恋心は超グリーディ

普段質問されることを文章起こした場所です。ライブ配信やゲームイベントにまつわるものです。もしくは、たまに筆者の趣味の文章が交じります。

Mar 23, 2022 - gamerlogy esports tournament smash

ストリーマーファンから大会スタッフとなった人たち

現代ゲーマー、そして界隈のファンの皆様は何に興味が有るでしょう?「競技シーン」かもしれないですし、「ストリーマー」かもしれません。これら2つは異なる世界ですが、これら2つを繋ぐものは有るでしょうか?今回はこの「繋ぐもの」について述べます。

背景

本編に入る前に、現代の背景について述べます。

2022年現在、ゲーマーの世界では「競技シーン」と「ストリーマー」は別の道を歩んでいます。

「競技シーン」とは、純粋な腕前で勝ち負けを決める世界です。タイトルにも依りますが esports と呼ばれることもあります。
例えば世界各地で “League of Legends” のプロリーグは盛んですし、昨年は日本代表が世界 Top16 に進出したニュースが話題になりました(註1)。今も “Valorant” では VCT 今シーズンが行われており、日本代表を決めるべく激しいトーナメントが行われています。
2015年くらいまでは、ゲーマーと言えば競技シーンでした。数値での証拠は無いのですが、企業がスポンサーにつきたいゲーマーと言えば競技シーンのプロだったでしょう。

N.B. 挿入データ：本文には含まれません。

Lemma local_piece_Zk k (hk : valid_k k) (g : R -> pt) a b :
  (forall t, continuous (fun u => fst (g u)) t /\ continuous (fun u => snd (g u)) t) ->
  a < b -> local_piece (Zk k) g a b -> (exists t0, a <= t0 <= b /\ Lambda k (g t0)) ->
  piece_motion k g a b /\ forall t, a <= t <= b -> Lambda k (g t).
Proof.
  intros Hc Hab Hp [t0 [Ht0 HL0]].
  assert (Hside : forall s, (s = 1 \/ s = -1) ->
            integral_curve (fun q => (s, fk k (fst q))) g a b ->
            (forall t, a <= t <= b -> 0 <= s * snd (g t)) ->
            piece_motion k g a b /\ forall t, a <= t <= b -> Lambda k (g t)).
  { intros s Hs Hi Hy.
    assert (Hss : s * s = 1) by (destruct Hs; subst; ring).
    pose proof (integral_curve_unit_speed k g a b s Hss Hc Hi) as Hm.
    assert (HC : snd (g a) - s * Pk k (fst (g a)) = 0).
    { destruct (Hm t0 Ht0) as [_ E]. specialize (Hy t0 Ht0).
      apply (Lambda_iff k hk) in HL0. destruct HL0 as [[G|G] HP]; destruct Hs; subst s; lra. }
    assert (Hgraph : forall t, a <= t <= b -> snd (g t) = s * Pk k (fst (g t)))
      by (intros t Ht; destruct (Hm t Ht); lra).
    split.
    - exists s. split; auto. intros t Ht. split; [apply (Hm t Ht) | apply Hgraph; auto].
    - intros t Ht. apply (Lambda_iff k hk). specialize (Hgraph t Ht). specialize (Hy t Ht).
      unfold on_graph. destruct Hs; subst s; split; lra. }
  destruct Hp as [[Hi Hy]|[[Hi Hy]|[_ Hsl]]].
  - apply (Hside 1); [left; auto | exact Hi | intros t Ht; specialize (Hy t Ht); lra].
  - apply (Hside (-1)); [right; auto | exact Hi | intros t Ht; specialize (Hy t Ht); lra].
  - exfalso. destruct (Hsl a ltac:(lra)) as [_ H]. simpl in H. nra.
Qed.

Definition Lambda_motion k (g : R -> pt) : Prop :=
  (forall t, Lambda k (g t)) /\
  exists tt : Z -> R,
    (forall i, tt i < tt (Z.succ i)) /\ (forall M, exists i, M < tt i) /\
    (forall M, exists i, tt i < M) /\ (forall i, piece_motion k g (tt i) (tt (Z.succ i))).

一方「ストリーマー」とは、ゲーム実況をするクリエイターのうちライブ配信を主戦場にする人のことです。競技者というよりはエンターテイナーにあたります。
ゲーム実況自体は日本でも長い歴史がありますが、投稿主・YouTuber と呼ばれるような「動画」(= VOD) を主とする人とは異なり、ストリーマーはライブ配信をして視聴者とリアルタイムに対話する方式を主体にしています。
例えば SHAKA さんが有名ですし、今流行りの VTuber もどちらかと言えばストリーマー文脈に当てはまるでしょう。こうした著名人に限らず、皆様がプレイしている各ゲーム界隈毎にストリーマーは確実に存在しています。

“代替メッセージ”
[競技シーンとストリーマーの比較。競技シーンとは大会のことであり、プレイヤーはトーナメントに出場し、勝ち上がることを目的にしています。一方のストリーマーはゲームをプレイし、視聴者と会話するエンターテイナーです。]

筆者の見方

現代の「競技シーン」と「ストリーマー」について、分類や分析の仕方は色々有るでしょう。筆者の見方を申します。

古来から競技者は競技者、ストリーマーはストリーマー、と冷静な分離があります。対立・抗争がある訳ではないのですが、「違うモノ」と捉えることが一般的でしょう。

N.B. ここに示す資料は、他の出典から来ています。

Lemma derivable_pt_lim_Ifun_pert :
  derivable_pt_lim (fun e => Ifun T (pert mu dmu e)) 0 (Defs.Int dmu 0 T).
Proof.
apply: (derivable_pt_lim_ext (fun e => Ifun T mu + e * Defs.Int dmu 0 T)).
  by move=> e; rewrite Ifun_pert.
exact: derivable_pt_lim_affine.
Qed.

Lemma derivable_Gfun_pert g : C1_real g ->
  exists l, derivable_pt_lim (fun e => Gfun g T (pert mu dmu e)) 0 l.
Proof.
move=> gC1; have [l gl] := derivable_RInt_param_affine g M D T gC1 M_cont D_cont.
exists l; apply: (derivable_pt_lim_ext _ _ _ _ _ gl) => e.
have gc : forall x, continuity_pt g x.
  by case: gC1 => g' [g'_deriv _] x; apply: derivable_continuous_pt; exists (g' x); apply: g'_deriv.
rewrite /Gfun (Int_eq_RInt T _ (fun t => g (M t + e * D t))) //; first lra; last first.
  by move=> t t_in; rewrite pert_clamp.
move=> x; apply: continuity_pt_comp; last exact: gc.
by apply: continuity_pt_plus => //; apply: continuity_pt_mult => //; apply: continuity_pt_const.
Qed.

End FirstVariation.

Lemma derivable_pt_lim_terminal_cost {n s} (h : vec n -> vec s -> vec n) p z0 zh
    (Phi : vec n -> R) (DPhi : vec n -> vec n) (Z : (R -> R) -> R -> vec n) T mu dmu :
  0 < T -> C1_vector (fun x => h x p) -> auto_sol h p z0 zh ->
  (forall x, frechet_grad Phi x (DPhi x)) ->
  (forall m, cont_on 0 T m -> is_sol h p z0 T m (Z m)) ->
  cont_on 0 T mu -> cont_on 0 T dmu ->
  derivable_pt_lim (fun e => Phi (Z (pert mu dmu e) T)) 0
    (Phi_h DPhi h p (Z mu T) * Defs.Int dmu 0 T).
Proof.
move=> T0 hC1 zh_sol PhiF ZS muc dmuc.
have ZT m : cont_on 0 T m -> Z m T = zh (Ifun T m).
  by move=> mc; apply: (solution_terminal_state h p z0) => //; apply: ZS.
set I := Ifun T mu; set J := Defs.Int dmu 0 T.
apply: (derivable_pt_lim_ext (fun e => Phi (zh (I + e * J)))).
  by move=> e; rewrite ZT ?Ifun_pert //; apply: cont_on_pert.
rewrite ZT //; apply: (derivable_pt_lim_comp (fun e => I + e * J) (fun u => Phi (zh u))).
  exact: derivable_pt_lim_affine.
rewrite Rmult_0_l Rplus_0_r; apply: derivable_pt_lim_frechet_comp => [i|].
  exact: (proj2 zh_sol).
exact: PhiF.
Qed.

Lemma derivable_pt_lim_eq0 f x l : derivable_pt_lim f x l -> derivable_pt_lim f x 0 <-> l = 0.
Proof. by move=> fl; split=> [/(uniqueness_limite _ _ _ _ fl) | <-]. Qed.

Lemma stationary_multiplier_rescale A B G a l P lam : P <> 0 ->
  derivable_pt_lim A 0 (P * a) -> derivable_pt_lim B 0 a -> derivable_pt_lim G 0 l ->
  derivable_pt_lim (fun e => A e + lam * G e) 0 0 <->
  derivable_pt_lim (fun e => B e + lam / P * G e) 0 0.
Proof.
move=> P0 Aa Ba Gl.
have AG : derivable_pt_lim (fun e => A e + lam * G e) 0 (P * a + lam * l).
  exact: derivable_pt_lim_plus _ _ _ _ _ Aa (derivable_pt_lim_scal _ lam _ _ Gl).
have BG : derivable_pt_lim (fun e => B e + lam / P * G e) 0 (a + lam / P * l).
  exact: derivable_pt_lim_plus _ _ _ _ _ Ba (derivable_pt_lim_scal _ (lam / P) _ _ Gl).
rewrite (derivable_pt_lim_eq0 _ _ _ AG) (derivable_pt_lim_eq0 _ _ _ BG).
have -> : a + lam / P * l = (P * a + lam * l) / P by field.
split=> [-> | E]; first by rewrite /Rdiv Rmult_0_l.
by have := Rmult_eq_compat_r P _ _ E; rewrite Rmult_0_l /Rdiv Rmult_assoc Rinv_l // Rmult_1_r.
Qed.

Theorem theorem1 (n s : nat) (h : vec n -> vec s -> vec n) (p : vec s) (z0 : vec n)
    (Phi : vec n -> R) (DPhi : vec n -> vec n) (g : R -> R)
    (Z : (R -> R) -> R -> vec n) (T C1 : R) (mu : R -> R) :
  (1 <= n)%nat -> (1 <= s)%nat ->
  (forall q : vec s, C1_vector (fun x => h x q)) ->
  (exists zh : R -> vec n,
      auto_sol h p z0 zh /\ forall w : R -> vec n, auto_sol h p z0 w -> w = zh) ->
  C1_scalar Phi DPhi ->
  C1_real g -> (forall x, 0 < g x) ->
  0 < T -> 0 < C1 ->
  (forall m : R -> R, cont_on 0 T m -> is_sol h p z0 T m (Z m)) ->
  cont_on 0 T mu -> (forall t, 0 <= t <= T -> 0 < mu t) ->
  Phi_h DPhi h p (Z mu T) <> 0 ->
  (* the Gateaux derivatives exist *)
  (forall dmu : R -> R, cont_on 0 T dmu ->
     (exists l, derivable_pt_lim (fun e => Phi (Z (pert mu dmu e) T)) 0 l) /\
     (exists l, derivable_pt_lim (fun e => Gfun g T (pert mu dmu e)) 0 l) /\
     (exists l, derivable_pt_lim (fun e => Ifun T (pert mu dmu e)) 0 l)) /\
  (* (a) <-> (b) *)
  ((Gfun g T mu = C1 /\
     exists lam : R, forall dmu : R -> R, cont_on 0 T dmu ->
       derivable_pt_lim
         (fun e => Phi (Z (pert mu dmu e) T) + lam * Gfun g T (pert mu dmu e)) 0 0)
   <->
   (Gfun g T mu = C1 /\
     exists lamr : R, forall dmu : R -> R, cont_on 0 T dmu ->
       derivable_pt_lim
         (fun e => Ifun T (pert mu dmu e) + lamr * Gfun g T (pert mu dmu e)) 0 0)) /\
  (* multipliers correspond via lam_ref = lam / Phi_h(mu) *)
  (forall lam : R,
     (forall dmu : R -> R, cont_on 0 T dmu ->
       derivable_pt_lim
         (fun e => Phi (Z (pert mu dmu e) T) + lam * Gfun g T (pert mu dmu e)) 0 0)
     <->
     (forall dmu : R -> R, cont_on 0 T dmu ->
       derivable_pt_lim
         (fun e => Ifun T (pert mu dmu e)
                   + (lam / Phi_h DPhi h p (Z mu T)) * Gfun g T (pert mu dmu e)) 0 0)).
Proof.
move=> _ _ hC1 [zh [zh_sol _]] [PhiF _] gC1 _ T0 _ ZS muc _ P0.
set P := Phi_h DPhi h p (Z mu T).
have Phi_deriv dmu : cont_on 0 T dmu ->
    derivable_pt_lim (fun e => Phi (Z (pert mu dmu e) T)) 0 (P * Defs.Int dmu 0 T).
  by move=> dmuc; apply: (derivable_pt_lim_terminal_cost h p z0 zh) => //; apply: hC1.
have rescale lam :
    (forall dmu, cont_on 0 T dmu -> derivable_pt_lim
       (fun e => Phi (Z (pert mu dmu e) T) + lam * Gfun g T (pert mu dmu e)) 0 0) <->
    (forall dmu, cont_on 0 T dmu -> derivable_pt_lim
       (fun e => Ifun T (pert mu dmu e) + lam / P * Gfun g T (pert mu dmu e)) 0 0).
  split=> stat dmu dmuc; have [l Gl] := derivable_Gfun_pert T mu dmu T0 muc dmuc g gC1;
    have eqv := stationary_multiplier_rescale _ _ _ _ _ P lam P0 (Phi_deriv dmu dmuc)
      (derivable_pt_lim_Ifun_pert T mu dmu T0 muc dmuc) Gl;
    by apply/eqv; apply: stat.
split; [|split; [|exact: rescale]].
- move=> dmu dmuc; split; first by eexists; apply: Phi_deriv.
  split; first exact: derivable_Gfun_pert.
  by eexists; apply: derivable_pt_lim_Ifun_pert.
- split=> [[G_C1 [lam stat]] | [G_C1 [lamr stat]]]; split=> //.
  + by exists (lam / P); apply/rescale.
  + exists (lamr * P); apply/rescale.
    by have -> : lamr * P / P = lamr by field.
Qed.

この10年でストリーマー(ゲーム実況者)は特に発展しました。広く大きな数字(再生回数・同時視聴者数)を持っており、スポンサーがつくようになりました。今となっては、そのゲームタイトルで最も注目される大会(時には公式大会も)が、競技者が勝ち上がったトーナメントではなく、ストリーマーを集めた大会であることもあります。

筆者は本業の仕事でストリーマーの方々と接しているのですが、趣味で大会運営をしている者です。どちらかと言えば大会運営がきっかけで就職したため、自分のアイデンティティは大会運営だと思っています。競技シーンとストリーマーが分離していることは、面白くもあり悲しくもある、と感じています。

大会とストリーマー

では本文の本編に参ります。

今回は “スマブラSP” (大乱闘スマッシュブラザーズ SPECIAL, 2018年末発売)を扱う “篝火” という大会と、同タイトルで活躍する がくと 選手というストリーマーとの繋がりを追求しました。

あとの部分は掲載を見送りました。